Here is a collective list of our (VCM team) current issues with the
compare framework. This list was compiled in collaboration with
Jean-Michel and JohnA (who's an honorary VCM team member for the purposes
of this discussion). Thanks to both of you for your input.
If anyone would like to spawn a discussion on any one of these items, or
needs more information, please reply to the list.
In no particular order:
-Better detection of Binary/Text file types. This one is particularly
interesting from our perspective because the VCM would also be a consumer
of a hypothetical core mechanism to determine file types (so we know
whether to store it as ascii or binary in the repository). If we go the
file extension route, we would have a hashtable somewhere (core) to which
plugins could contribute known types (e.g. Java plugin says .java files
are text, .class are binary). If we go the magic route, we determine the
file type based on its contents (magic header bytes) rather than file
extension, in the same way unix does.
-The save mechanism is kind of strange. You have the concept of 'save' for
the whole editor (and likewise, dirty indicators), but you can also enable
save actions on the popup menus for the individual editors, which is a
separate mechanism. The root of this problem is that there is an editor
containing multiple editors.
-Compare currently has only one kind of conflict, but VCM talks about
conflicts in a different way. The builder of the tree (us) is responsible
for determining whether nodes are in conflict, but our criteria for
conflicts (timestamps, sync info) is different than what the compare
framework considers a conflict (contents).
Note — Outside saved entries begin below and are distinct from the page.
Lemma isolated_swap_sub :
  isolated_edges (swap c u v w) :\ [set u; w] \subset isolated_edges c :\ [set u; v].
Proof.
rewrite -/c'; apply/subsetP => h; rewrite !in_setD1 => /andP[h_uw /isolatedP[hE iso_h]].
have /isolatedP[uvE iso_uvc] := iso_uv.
have vw_uv : [set v; w] != [set u; v].
  by rewrite eq_set2 [v == u]eq_sym (negbTE neq_uv) (negbTE neq_wu) andbF.
have vw_uw : [set v; w] != [set u; w].
  by rewrite eq_set2 [v == u]eq_sym (negbTE neq_uv) (negbTE neq_wu) !andbF.
have c'vw : c' [set v; w] = j.
  by rewrite swap_other // setUC; case/andP: wv => _ /eqP.
have h_uv : h != [set u; v].
  apply: contraNneq vw_uv => huv; subst h; apply/eqP/iso_h.
  - by rewrite mem_edges e_sym; case/andP: wv.
  - by rewrite c'vw swap_uv.
  - by rewrite meets_set2 set22.
rewrite h_uv; apply/isolatedP; split => // g gE cg mg.
have c'h := swap_other h_uv h_uw.
have [guv|g_uv] := eqVneq g [set u; v].
  by subst g; case/eqP: h_uv; apply: iso_uvc hE (esym cg) _; rewrite disjoint_sym.
have [guw|g_uw] := eqVneq g [set u; w]; last first.
  by apply: iso_h gE _ mg; rewrite c'h swap_other.
exfalso; subst g; rewrite disjoint_sym cuw in mg cg.
have [x /set2P[]-> [z exz hxz]] := edge_meets hE mg; subst h.
  have uz : nb c j u z by rewrite /nb exz -cg eqxx.
  by rewrite (u_leaf uz) eqxx in h_uw.
have wz : nb c j w z by rewrite /nb exz -cg eqxx.
have [zu|zv] := nb_w wz; first by rewrite zu setUC eqxx in h_uw.
subst z.
have : [set u; v] = [set w; v].
  apply: iso_h uvE _ _; first by rewrite swap_uv c'h -cg.
  by rewrite meets_set2 set22 orbT.
by move/eqP; rewrite eq_sym [[set w; v]]setUC (negbTE vw_uv).
Qed.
There are different classes of
conflicts; (a) contents are equal (pseudo-conflict) (b) contents differ,
but can auto-resolve all changes (c) contents differ, but can not
auto-resolve all changes. We need to expand the compare editor's idea of
conflicts.
-UI nit: there really should be a way to auto-resolve all possible changes
in a conflicting file (i.e. automatically take all incoming
non-conflicting changes)
-N way merges (Jean-Michel can probably explain more about this)
-Better support for showing blocks of text that have moved in a file; this
is next to impossible given the current strategy of using lines and blocks
to show changes (you don't want to have lines crossing) but this is a
pretty common case
-Some seemingly simple cases of changes could be better parsed by the text
differencer; sometimes it doesn't show what you'd expect for some common
cases.
-Performance. Loading large files (SWT's OS class, for example) results in
'cannot reasonably determine changes in 20 seconds'. The VCM usage of
compare has some performance problems that may be related to both VCM and
Compare doing redundant work.
-The compare editor input is a Blob[tm]. It is input for an editor, but it
also creates widgets, and is a runnable. These classes get quite large
quite fast and there is not feeling of well-defined functionality for it.
This functionality should be spread over multiple classes.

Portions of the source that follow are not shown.